Paul Barton poses beside a finished Waveform in the control room of M37, the anechoic chamber – 1985.
What I knew intuitively about where I might place my Waveform brand, was that I had to separate from entry point products. Neither was this effort destined for mid-fi. Given the craft woodworking karma for excellence over the years from the beginnings of my career, the overall cost of the design placed the marketing efforts within the top echelon of performance, but not price. The real ambition, i.e., intention, was to build the most accurate, best sounding loudspeaker in the world. Quite a stretch for a village craftsman and a Canuck to boot! hahaha We are more modest as a nation rarely stating anything ‘we’ make as best. We leave that for folks stateside. hahaha The reason so few Waveform speakers ever become available on the pre-owned market, is due in part to those owners feeling they really were, “a final purchase”.
A Choice of Engineers:
I chose Paul for engineering the speaker and Claude for the development of the dedicated two-way or biamped electronic crossover. Those people who do the development often refer to themselves as both designers and engineers. That’s quite true if all they do is inhouse development for their own brands, with little team effort. Sometimes an upstart comes along with ideas that get incorporated too. Design is the idea that the engineer fashions to function properly. Yeah, to some extent, it’s like trying to discern the difference between art and craft. Inevitably it’s a pedantic exercise in futility. As our venerable ET teaches: “. . . Words are only stepping stones to be left behind as soon as possible in order to get to the essence of deeper meaning, while being transformed by them on the journey along the river’s brook …” BTW, that’s Eckhart Tolle.

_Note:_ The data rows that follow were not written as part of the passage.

Lemma rep_omK a : rep_om a * rep_omi a = 1 /\ rep_omi a * rep_om a = 1.
Proof.
by rewrite !monomxM addr0 -monomx1; split; apply: eq_monomx => t;
  rewrite add0r; case: (t a); field; rewrite ?w_neq0 ?q_neq0.
Qed.

Lemma rep_om_psi a b :
  rep_om a * rep_psi b = (if a == b then q else 1) *: (rep_psi b * rep_om a).
Proof.
rewrite !monomxM monomxZ add0r addr0; apply: eq_monomx => t.
rewrite add0r bitsDE ebitE; have [<- | _] := eqVneq a b; last by rewrite mul1r mulrC.
by case: (t a) => /=; [field|ring].
Qed.

Lemma rep_om_psis a b :
  rep_om a * rep_psis b = (if a == b then q^-1 else 1) *: (rep_psis b * rep_om a).
Proof.
rewrite !monomxM monomxZ add0r addr0; apply: eq_monomx => t.
rewrite add0r bitsDE ebitE; have [<- | _] := eqVneq a b; last by rewrite mul1r mulrC.
by case: (t a) => /=; [ring|field].
Qed.

Lemma rep_psi_anti a b : rep_psi a * rep_psi b + rep_psi b * rep_psi a = 0.
Proof.
have [<- | ] := eqVneq a b; last exact: jw_mx_anti.
by rewrite jw_mxMM monomx0 ?addr0 // => t; case: (t a); rewrite ?mulr0 ?mul0r.
Qed.

Lemma rep_psis_anti a b : rep_psis a * rep_psis b + rep_psis b * rep_psis a = 0.
Proof.
have [<- | ] := eqVneq a b; last exact: jw_mx_anti.
by rewrite jw_mxMM monomx0 ?addr0 // => t; case: (t a); rewrite ?mulr0 ?mul0r.
Qed.

Lemma rep_psi_psisX a :
  rep_psi a * rep_psis a + q ^+ k *: (rep_psis a * rep_psi a) = rep_omi a ^+ k.
Proof.
rewrite rep_psi_psis rep_psis_psi monomxZ monomxD diag_monomxX.
apply: eq_monomx => t; case: (t a); rewrite ?mulr0 ?add0r ?addr0 //.
  by rewrite expr_div_n wkV.
by rewrite exprVn wkV.
Qed.

Lemma rep_psi_psisXV a :
  rep_psi a * rep_psis a + (q ^+ k)^-1 *: (rep_psis a * rep_psi a) = rep_om a ^+ k.
Proof.
rewrite rep_psi_psis rep_psis_psi monomxZ monomxD diag_monomxX.
apply: eq_monomx => t; case: (t a); rewrite ?mulr0 ?add0r ?addr0 //.
by rewrite expr_div_n mulrC.
Qed.

Lemma rep_clq_rels : clq_rels q k rep_psi rep_psis rep_om rep_omi.
Proof.
split; [exact: rep_omC|split; [exact: rep_omK|split; [exact: rep_om_psi|]]].
split; [exact: rep_om_psis|split; [exact: rep_psi_anti|split; [exact: rep_psis_anti|]]].
split; [exact: rep_psi_psisX|split; [exact: rep_psi_psisXV|]].
by move=> a b; apply: jw_mx_anti.
Qed.

Lemma rep_idem0 a : rep_psi a * rep_psis a * (rep_psi a * rep_psis a) =
  monomx 0 (fun t => if t a then 0 else 1).
Proof.
rewrite rep_psi_psis monomxM addr0; apply: eq_monomx => t.
by rewrite add0r; case: (t a); rewrite ?mulr0 ?wkK.
Qed.

Lemma rep_idem1 a : rep_psis a * rep_psi a * (rep_psis a * rep_psi a) =
  monomx 0 (fun t => if t a then 1 else 0).
Proof.
rewrite rep_psis_psi monomxM addr0; apply: eq_monomx => t.
by rewrite add0r; case: (t a); rewrite ?mulr0 ?wkK.
Qed.

Lemma rep_central a :
  rep_psi a * rep_psis a * (rep_psi a * rep_psis a) * rep_om a
  + q *: (rep_psis a * rep_psi a * (rep_psis a * rep_psi a) * rep_om a) = (w a)%:M.
Proof.
rewrite rep_idem0 rep_idem1 !monomxM addr0 monomxZ monomxD -monomx_scalar.
apply: eq_monomx => t; rewrite add0r.
by case: (t a); rewrite ?mul0r ?mul1r ?add0r ?addr0 //; field.
Qed.

Lemma rep_psiD_psis a :
  rep_psi a + rep_psis a = jw_mx a (fun x => if x then w a ^+ k else 1).
Proof.
rewrite /rep_psi /rep_psis jw_mxD; apply: eq_monomx => t.
by case: (t a); rewrite ?addr0 ?add0r.
Qed.

End CliffordRepresentation.

Section ClqInduction.
Variables (F : fieldType) (A : algType F) (L : A -> Prop).
Hypotheses (L1 : L 1) (LD : forall x y, L x -> L y -> L (x + y))
  (LZ : forall (c : F) x, L x -> L (c *: x)) (LM : forall x y, L x -> L y -> L (x * y)).

Definition subalg_pred (x : A) : bool := classicb (L x).

Lemma subalg_pred_closed : GRing.subsemialg_closed subalg_pred.
Proof.
split; first exact/classicbP.
- split; first by apply/classicbP; rewrite -(scale0r 1); apply: LZ.
  by move=> x y /classicbP Lx /classicbP Ly; apply/classicbP; apply: LD.
- by move=> c x /classicbP Lx; apply/classicbP; apply: LZ.
- by move=> x y /classicbP Lx /classicbP Ly; apply/classicbP; apply: LM.
Qed.

HB.instance Definition _ := GRing.isSubalgClosed.Build F A subalg_pred subalg_pred_closed.
Record subalg := Subalg { subalg_val : A; _ : subalg_pred subalg_val }.
HB.instance Definition _ := [isSub for subalg_val].
HB.instance Definition _ := [Choice of subalg by <:].
HB.instance Definition _ := [SubChoice_isSubAlgebra of subalg by <:].

Variables (q : F) (n k : nat) (psi psis om omi : 'I_n -> A).
Hypothesis A_Clq : is_Clq q k psi psis om omi.
Hypotheses (Lpsi : forall a, L (psi a)) (Lpsis : forall a, L (psis a))
  (Lom : forall a, L (om a)) (Lomi : forall a, L (omi a)).

Let in_subalg (x : A) (Lx : L x) : subalg := Subalg (introT (classicbP _) Lx).

Lemma subalg_clq_rels : clq_rels q k (fun a => in_subalg (Lpsi a))
  (fun a => in_subalg (Lpsis a)) (fun a => in_subalg (Lom a)) (fun a => in_subalg (Lomi a)).
Proof.
have valX (y : subalg) m : subalg_val (y ^+ m) = subalg_val y ^+ m.
  by elim: m => [|m IH]; rewrite ?expr0 // !exprS -IH.
case: A_Clq => [[r1 [r2 [r3 [r4 [r5 [r6 [r7 [r8 r9]]]]]]]] _].
split; [|split; [|split; [|split; [|split; [|split; [|split; [|split]]]]]]].
- by move=> a b; apply: val_inj => /=; rewrite r1.
- by move=> a; have [ra ra'] := r2 a; split; apply: val_inj.
- by move=> a b; apply: val_inj => /=; rewrite r3.
- by move=> a b; apply: val_inj => /=; rewrite r4.
- by move=> a b; apply: val_inj => /=; rewrite r5.
- by move=> a b; apply: val_inj => /=; rewrite r6.
- by move=> a; apply: val_inj => /=; rewrite valX r7.
- by move=> a; apply: val_inj => /=; rewrite valX r8.
- by move=> a b neq_ab; apply: val_inj => /=; rewrite r9.
Qed.
Definition comb_lin (a : R[i]) (r t : seq (R[i] * option (set X * nat))) :=
  [seq (a * p.1, p.2) | p <- r] ++ t.

Lemma comb_linE a r t : comb (comb_lin a r t) = (fun x => a * comb r x + comb t x).
Proof.
apply: funext => x; rewrite /comb big_cat big_map mulr_sumr /=.
by congr (_ + _); apply: eq_bigr => p _; rewrite mulrA.
Qed.

Lemma comb_val_linE val a r t :
  comb_val val (comb_lin a r t) = a * comb_val val r + comb_val val t.
Proof.
rewrite /comb_val big_cat big_map mulr_sumr /=.
by congr (_ + _); apply: eq_bigr => p _; rewrite mulrA.
Qed.

Lemma basis_seq_lin a r t : basis_seq r -> basis_seq t -> basis_seq (comb_lin a r t).
Proof.
by move=> hr ht p; rewrite mem_cat => /orP[/mapP[q qr ->]|/ht//]; exact: hr qr.
Qed.

Lemma in_span_lin (a : R[i]) {f g} : in_span f -> in_span g ->
  in_span (fun x => a * f x + g x).
Proof.
move=> [r hr ->] [t ht ->]; rewrite -comb_linE.
by exists (comb_lin a r t) => //; exact: basis_seq_lin.
Qed.

Lemma in_span_scale (a : R[i]) f : in_span f -> in_span (fun x => a * f x).
Proof.
move=> hf; have := in_span_lin a hf in_span0.
by congr in_span; apply: funext => x; rewrite addr0.
Qed.

Lemma in_span_basis m : basis_idx m -> in_span (basis_fun m).
Proof.
exists [:: (1, m)]; first by move=> p; rewrite inE => /eqP ->.
by apply: funext => x; rewrite /comb big_seq1 mul1r.
Qed.

Lemma in_span_conj_V0 {L f} : posball dist L -> V0 dist nu L f ->
  in_span (fun x => (f x)^*%C).
Proof.
move=> pL fV0; case: (wb _ pL) => _ _ /(_ f fV0) [a aE].
exists [seq ((a j)^*%C, Some (L, j)) | j <- index_iota 0 (nsub dist L).-1].
  by move=> p /mapP[j]; rewrite mem_index_iota => /andP[_ jL] ->; split.
apply: funext => x; rewrite aE rmorph_sum /comb big_map big_mkord.
by apply: eq_bigr => j _; rewrite rmorphM.
Qed.
Definition antichain_poly : {poly int} :=
  \sum_(A : {set T} | antichain A) 'X^#|A|.

End Posets.

Definition palindromic (p : {poly int}) : Prop :=
  forall k : nat, (k <= (size p).-1)%N -> p`_k = p`_((size p).-1 - k).

Definition chain_le (m : nat) : rel 'I_m := fun i j => (i <= j)%N.

(* K_n = [n] (+) ([1] |_| [1]) (+) [n], on 'I_(2n+2):
   0..n-1 lower chain, n and n+1 the antichain, n+2..2n+1 upper chain.
   Kn_lvl gives the position in the ordinal sum; x <= y iff x = y or
   x is in a strictly lower position. *)
Definition Kn_lvl (n : nat) (x : 'I_(n.*2.+2)) : nat :=
  if (x <= n)%N then val x else (val x).-1.

Definition Kn_le (n : nat) : rel 'I_(n.*2.+2) :=
  fun x y => (x == y) || (Kn_lvl x < Kn_lvl y)%N.

Definition mKn_le (m n : nat) : rel ('I_m * 'I_(n.*2.+2)) :=
  fun p q => chain_le p.1 q.1 && Kn_le p.2 q.2.
Arguments mKn_le m n : clear implicits.
Arguments Kn_le n : clear implicits.
Arguments Kn_lvl n : clear implicits.
Arguments chain_le m : clear implicits.

(** Antichains of [m] × Q are counted row by row: the top row of an antichain is an
    antichain C of Q, and the rows below form an antichain of [m-1] × (Q minus the
    down-set of C).  For Q = K_n the possible C are the empty set, the singletons and the
    middle pair, and the subsets of K_n that arise are the up-sets {level >= h} and the
    sets {level >= n} with one middle element removed.  By induction on m their antichain
    polynomials are combinations of the grid polynomials sum_k C(L,k) C(m,k) t^k; in
    particular N_{[m] × K_n} = Kpoly (2n+1) m.

    For m <= 2n+1 this polynomial has degree m+1 and leading coefficient C(2n, m-1), which
    is 1 exactly when m = 1 or m = 2n+1; for larger m the leading coefficient exceeds 1.
    The constant term is 1, so a palindromic N is monic, and for m = 1 and m = 2n+1 the
    coefficients are symmetric.

    The rank of (i, x) is i + lvl x + 1, so the rank levels of [m] × K_n have the sizes of
    the windows of width m over the level profile (1,...,1,2,1,...,1) of K_n; the largest
    window is unique only when m = 1 or when the window covers all of K_n. *)

From mathcomp Require Import all_boot all_order all_algebra zify ring.
Set Implicit Arguments. Unset Strict Implicit. Unset Printing Implicit Defensive.
Import GRing.Theory Num.Theory.

Section ChainProduct.
Variables (Q : finType) (le : rel Q) (M : nat).
Local Notation T := ('I_M * Q)%type.

Definition chain_prod_le : rel T := fun p q => chain_le M p.1 q.1 && le p.2 q.2.

Definition row_antichain (m : nat) (S : {set Q}) (A : {set T}) : bool :=
  antichain chain_prod_le A && [forall p in A, (p.1 < m) && (p.2 \in S)].

Definition row_apoly (m : nat) (S : {set Q}) : {poly int} :=
  (\sum_(A : {set T} | row_antichain m S A) 'X^#|A|)%R.

Definition downset (C : {set Q}) : {set Q} := [set y | [exists x in C, le y x]].

Lemma antichain0 : antichain le set0.
Proof. by apply/forall_inP => x; rewrite inE. Qed.

Lemma antichain1 x : antichain le [set x].
Proof.
by apply/forall_inP => y /set1P ->; apply/forall_inP => z /set1P ->; rewrite eqxx implybT.
Qed.

Lemma downset0 : downset set0 = set0.
Proof. by apply/setP => y; rewrite !inE; apply/existsP => -[x]; rewrite inE. Qed.

Lemma downset1 x : downset [set x] = [set y | le y x].
Proof.
apply/setP => y; rewrite !inE; apply/existsP/idP => [[z /andP[/set1P -> //]] | le_yx].
by exists x; rewrite inE eqxx.
Qed.

Lemma downset2 x x' : downset [set x; x'] = [set y | le y x || le y x'].
Proof.
apply/setP => y; rewrite !inE; apply/existsP/orP => [[z /andP[/set2P[] -> le_y]] | [le_y | le_y]].
- by left.
- by right.
- by exists x; rewrite !inE eqxx le_y.
- by exists x'; rewrite !inE eqxx le_y orbT.
Qed.

Lemma row_apoly0 S : row_apoly 0 S = 1%R.
Proof.
rewrite /row_apoly (big_pred1 set0) ?cards0 ?expr0 // => A /=.
apply/idP/eqP => [/andP[_ /forall_inP rowA]|->].
  by apply/setP => p; rewrite inE; apply/negP => /rowA; rewrite ltn0.
by apply/andP; split; apply/forall_inP => p; rewrite inE.
Qed.

Lemma row_antichain_below k S A : row_antichain k S A -> {in A, forall p : T, p.1 < k}.
Proof. by case/andP=> _ /forall_inP rowsA p /rowsA /andP[]. Qed.

Lemma antichain_poly_row_apoly : antichain_poly chain_prod_le = row_apoly M setT.
Proof.
apply: eq_bigl => A; rewrite /row_antichain.
by case: (antichain _ A) => //=; apply/esym/forall_inP => p _; rewrite ltn_ord inE.
Qed.

Section TopRow.
Variables (m : nat) (lt_m_M : m < M).
Let top : 'I_M := Ordinal lt_m_M.

Definition top_row (C : {set Q}) : {set T} := [set (top, x) | x in C].
Definition top_slice (A : {set T}) : {set Q} := [set x | (top, x) \in A].
Definition below_top (A : {set T}) : {set T} := [set p in A | p.1 < m].

Lemma mem_top_row C (p : T) : (p \in top_row C) = (p.1 == top) && (p.2 \in C).
Proof.
case: p => i x; apply/imsetP/andP => /= [[y yC [-> ->]] // | [/eqP -> xC]].
by exists x.
Qed.

Lemma top_row_above C (p : T) : p.1 < m -> p \notin top_row C.
Proof. by move=> lt_pm; rewrite mem_top_row; apply/nandP; left; rewrite -val_eqE neq_ltn lt_pm. Qed.

Lemma below_top_below (A : {set T}) : {in below_top A, forall p : T, p.1 < m}.
Proof. by move=> p; rewrite inE => /andP[]. Qed.

Lemma below_top_top_slice (A : {set T}) :
  {in A, forall p : T, p.1 < m.+1} -> below_top A :|: top_row (top_slice A) = A.
Proof.
move=> rowsA; apply/setP => -[i x]; rewrite !inE mem_top_row inE /=.
have [-> | ne_top] := eqVneq i top; first by rewrite ltnn andbF.
rewrite andFb orbF; case iA: ((i, x) \in A) => //=.
have := rowsA _ iA; rewrite ltnS leq_eqVlt => /orP[/eqP i_m | //].
by case/eqP: ne_top; apply: val_inj.
Qed.

Section AddTopRow.
Variable (A : {set T}).
Hypothesis below_A : {in A, forall p : T, p.1 < m}.

Lemma antichain_top_row C :
  antichain chain_prod_le (A :|: top_row C) =
  [&& antichain chain_prod_le A, antichain le C & [forall p in A, p.2 \notin downset C]].
Proof.
apply/forall_inP/and3P => [acU | [acA acC /forall_inP notdown]].
  have subU q : q \in A -> q \in A :|: top_row C by rewrite inE => ->.
  have rowU x : x \in C -> (top, x) \in A :|: top_row C.
    by rewrite inE mem_top_row eqxx => ->; rewrite orbT.
  split.
  - apply/forall_inP => p pA; apply/forall_inP => q qA.
    by move/forall_inP: (acU p (subU p pA)) => /(_ q (subU q qA)).
  - apply/forall_inP => x xC; apply/forall_inP => y yC; apply/implyP => le_xy.
    move/forall_inP: (acU _ (rowU x xC)) => /(_ _ (rowU y yC)).
    by rewrite /chain_prod_le /chain_le /= leqnn le_xy => /eqP [->].
  - apply/forall_inP => p pA; apply/negP; rewrite inE => /existsP[x /andP[xC le_px]].
    move/forall_inP: (acU p (subU p pA)) => /(_ _ (rowU x xC)).
    rewrite /chain_prod_le /chain_le /= le_px ltnW ?below_A // => /eqP pE.
    by have := below_A pA; rewrite pE ltnn.
move=> p pU; apply/forall_inP => q qU; apply/implyP => /andP[le1 le2].
rewrite !inE !mem_top_row in pU qU.
case/orP: pU => [pA | /andP[/eqP p1 p2]]; case/orP: qU => [qA | /andP[/eqP q1 q2]].
- by move/forall_inP: acA => /(_ p pA) /forall_inP /(_ q qA); rewrite /chain_prod_le le1 le2.
- by have /negP[] := notdown p pA; rewrite inE; apply/existsP; exists q.2; rewrite q2.
- by have := leq_ltn_trans le1 (below_A qA); rewrite p1 ltnn.
- move/forall_inP: acC => /(_ _ p2) /forall_inP /(_ _ q2) /implyP /(_ le2) /eqP e.
  by case: p q p1 q1 e {le1 le2 p2 q2} => [? ?] [? ?] /= -> -> ->.
Qed.

Lemma row_antichain_top_row S C :
  row_antichain m.+1 S (A :|: top_row C) =
  [&& C \subset S, antichain le C & row_antichain m (S :\: downset C) A].
Proof.
rewrite /row_antichain antichain_top_row.
have rowsE : [forall p in A :|: top_row C, (p.1 < m.+1) && (p.2 \in S)] =
             (C \subset S) && [forall p in A, p.2 \in S].
  apply/forall_inP/andP => [rows | [/subsetP CS /forall_inP AS] p].
    split.
      apply/subsetP => x xC; move/(_ (top, x)): rows.
      by rewrite inE mem_top_row eqxx xC orbT => /(_ isT) /andP[].
    by apply/forall_inP => p pA; move/(_ p): rows; rewrite inE pA => /(_ isT) /andP[].
  rewrite inE mem_top_row => /orP[pA | /andP[/eqP -> xC]].
    by rewrite ltnS ltnW ?below_A ?AS.
  by rewrite /= ltnSn CS.
have belowE : [forall p in A, (p.1 < m) && (p.2 \in S :\: downset C)] =
              [forall p in A, p.2 \notin downset C] && [forall p in A, p.2 \in S].
  apply/forall_inP/andP => [below | [/forall_inP notdown /forall_inP AS] p pA].
    by split; apply/forall_inP => p pA; have := below p pA; rewrite inE => /and3P[].
  by rewrite below_A // inE notdown ?AS.
rewrite rowsE belowE.
by case: (antichain _ A) (antichain le C) (C \subset S) => [] [] [] /=; rewrite ?andbF.
Qed.

Lemma top_slice_top_row C : top_slice (A :|: top_row C) = C.
Proof.
apply/setP => x; rewrite !inE mem_top_row eqxx /=.
case xA: ((top, x) \in A) => //.
by have := below_A xA; rewrite /= ltnn.
Qed.

Lemma below_top_top_row C : below_top (A :|: top_row C) = A.
Proof.
apply/setP => -[i x]; rewrite !inE mem_top_row /=.
case iA: ((i, x) \in A); first by rewrite (below_A iA).
by have [-> | ne_top] := eqVneq i top; rewrite /= ?ltnn ?andbF // (negbTE ne_top).
Qed.

Lemma card_top_row C : #|A :|: top_row C| = #|A| + #|C|.
Proof.
rewrite cardsU card_imset; last by move=> x y [].
suff -> : A :&: top_row C = set0 by rewrite cards0 subn0.
apply/setP => p; rewrite in_set0 in_setI; case pA: (p \in A) => //=.
exact/negbTE/top_row_above/below_A.
Qed.

End AddTopRow.

Lemma row_apolyS S :
  row_apoly m.+1 S =
  (\sum_(C : {set Q} | (C \subset S) && antichain le C) 'X^#|C| * row_apoly m (S :\: downset C))%R.
Proof.
rewrite /row_apoly (partition_big top_slice (fun C => (C \subset S) && antichain le C)); last first.
  move=> A acA; have /below_top_top_slice decA := row_antichain_below acA.
  move: acA; rewrite -{1}decA (row_antichain_top_row (@below_top_below A)).
  by case/and3P=> -> ->.
apply: eq_bigr => C /andP[CS acC]; rewrite big_distrr /=.
rewrite (reindex_onto (fun A => A :|: top_row C) below_top); last first.
  move=> A /andP[acA /eqP sliceA].
  by rewrite -sliceA below_top_top_slice //; apply: row_antichain_below acA.
have fiberE A : [&& row_antichain m.+1 S (A :|: top_row C),
                   top_slice (A :|: top_row C) == C & below_top (A :|: top_row C) == A] =
                row_antichain m (S :\: downset C) A.
  apply/and3P/idP => [[acA _ /eqP belowE] | acA].
    have below_A : {in A, forall p : T, p.1 < m} by rewrite -belowE; apply: below_top_below.
    by rewrite row_antichain_top_row // in acA; case/and3P: acA.
  have below_A := row_antichain_below acA.
  by rewrite row_antichain_top_row // CS acC acA top_slice_top_row // below_top_top_row.
apply: eq_big => [A | A]; first by rewrite -andbA fiberE.
rewrite -andbA fiberE => /row_antichain_below below_A.
by rewrite card_top_row // exprD mulrC.
Qed.

End TopRow.
End ChainProduct.

Section Kn.
Variable n : nat.
Local Notation Q := 'I_(n.*2.+2).
Local Notation lvl := (Kn_lvl n).
Local Notation leK := (Kn_le n).

Lemma Kn_lvlE (x : Q) : lvl x = if x <= n then nat_of_ord x else (nat_of_ord x).-1.
Proof. by []. Qed.

Lemma Kn_lvl_lt x : lvl x < n.*2.+1.
Proof. by rewrite Kn_lvlE; case: (leqP x n) => ?; have := ltn_ord x; lia. Qed.

Lemma Kn_lvl_surj l : l < n.*2.+1 -> exists x : Q, lvl x = l.
Proof.
move=> lt_l; have lt_x : (if l <= n then l else l.+1) < n.*2.+2 by case: (leqP l n) => ?; lia.
exists (Ordinal lt_x); rewrite Kn_lvlE /=.
case: (leqP l n) => [-> // | lt_n_l]; rewrite leqNgt ltnS ltnW //.
Qed.
Lemma has_sum_ext f g s : (forall x, f x = g x) -> has_sum f s -> has_sum g s.
Proof.
  intros E H e He. destruct (H e He) as [F [Hnd HF]]. exists F; split; auto.
  intros G HG Hincl. rewrite <- (sum_list_ext f g); auto.
Qed.

Lemma Sum_ext f g : (forall x, f x = g x) -> Sum f = Sum g.
Proof. intros E. now rewrite (functional_extensionality f g E). Qed.

Lemma Summable_ext f g : (forall x, f x = g x) -> Summable f -> Summable g.
Proof. intros E [s Hs]. exists s; eapply has_sum_ext; eauto. Qed.

Lemma has_sum_zero : has_sum (fun _ : T => 0) 0.
Proof.
  intros e He. exists []; split; [constructor|]. intros. rewrite sum_list_zero; auto. split_Rabs; lra.
Qed.

Lemma Sum_zero f : (forall x, f x = 0) -> Sum f = 0.
Proof. intros H. rewrite (Sum_ext f (fun _ => 0)); auto. apply Sum_eq, has_sum_zero. Qed.

Lemma has_sum_plus f g s t : has_sum f s -> has_sum g t -> has_sum (fun x => f x + g x) (s + t).
Proof.
  intros Hf Hg e He. destruct (Hf (e/2) ltac:(lra)) as [F1 [_ H1]].
  destruct (Hg (e/2) ltac:(lra)) as [F2 [_ H2]].
  destruct (nodup_app_incl F1 F2) as [Hnd [I1 I2]].
  exists (nodup classic_eq_dec (F1 ++ F2)); split; auto. intros G HG Hincl.
  rewrite sum_list_plus. specialize (H1 G HG (incl_tran I1 Hincl)).
  specialize (H2 G HG (incl_tran I2 Hincl)). split_Rabs; lra.
Qed.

Claude in the centre, with his bro, Michel, to the left and René, the acoustic tech on crutches to the right. All equipment was Brüel & Kjær from Denmark – 1985.
Materials Choice:
Several people warned me not to make a loudspeaker out of solid wood. None of them were woodworkers. None of them knew how wood moved tangentially across the grain, rather than longitudinally down its length. Few woodworkers know that there is little movement across the width of a board where the annular rings are at 90° to the face of the board, known as quarter-sawn. That is different than rift sawn lumber where the rings are at 45° to the face; i.e., more movement across the grain. More movement still where the board is flat-sawn. I chose black cherry since it is very stable dimensionally. I had access to a good bit of it through local mills. I also had a dry kiln.
Our speakers were all designed with the grilles on. It was difficult to explain this to audiophiles who always knew better and removed the grilles.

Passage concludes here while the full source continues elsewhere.